Segment Start: Dataset records

(* F_n-sets in R_n are cofibrant: the lifting problem only involves the lower
   map [v], which lifts component by component. *)
Lemma in_Rn_cofibrant n (X : FnSet n) : in_Rn X -> cofibrant X.
Proof.
move=> hR A B q qe qw u v ue ve _.
have [h [he hq]] : exists h : carrier X -> carrier A, equivariant h /\ forall y, q (h y) = v y.
  apply: glue_comp_lifts => x0.
  have [p [phn [pha [H0 [Hhom [Hinj [_ [HK [Hnoc Hroot]]]]]]]]] := hR x0.
  exists (lift x0 H0 Hhom qw ve); split=> [y|y a].
    exact: (lift_q H0 Hhom Hinj Hroot qe qw ve).
  exact: (lift_act H0 Hhom Hinj HK Hnoc Hroot qw ve a).
by exists h; split=> //; split=> // [[]].
Qed.

Theorem proposition6p6 (n : nat) (X : FnSet n) : cofibrant X <-> in_Rn X.
Proof. split; [exact: cofibrant_in_Rn|exact: in_Rn_cofibrant]. Qed.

Segment End: Dataset records

= Work instruction =
Verbatim reproduction of the entries is required.

= Response =
(* F_n-sets in R_n are cofibrant: the lifting problem only involves the lower
   map [v], which lifts component by component. *)
Lemma in_Rn_cofibrant n (X : FnSet n) : in_Rn X -> cofibrant X.
Proof.
move=> hR A B q qe qw u v ue ve _.
have [h [he hq]] : exists h : carrier X -> carrier A, equivariant h /\ forall y, q (h y) = v y.
  apply: glue_comp_lifts => x0.
  have [p [phn [pha [H0 [Hhom [Hinj [_ [HK [Hnoc Hroot]]]]]]]]] := hR x0.
  exists (lift x0 H0 Hhom qw ve); split=> [y|y a].
    exact: (lift_q H0 Hhom Hinj Hroot qe qw ve).
  exact: (lift_act H0 Hhom Hinj HK Hnoc Hroot qw ve a).
by exists h; split=> //; split=> // [[]].
Qed.

Theorem proposition6p6 (n : nat) (X : FnSet n) : cofibrant X <-> in_Rn X.
Proof. split; [exact: cofibrant_in_Rn|exact: in_Rn_cofibrant]. Qed.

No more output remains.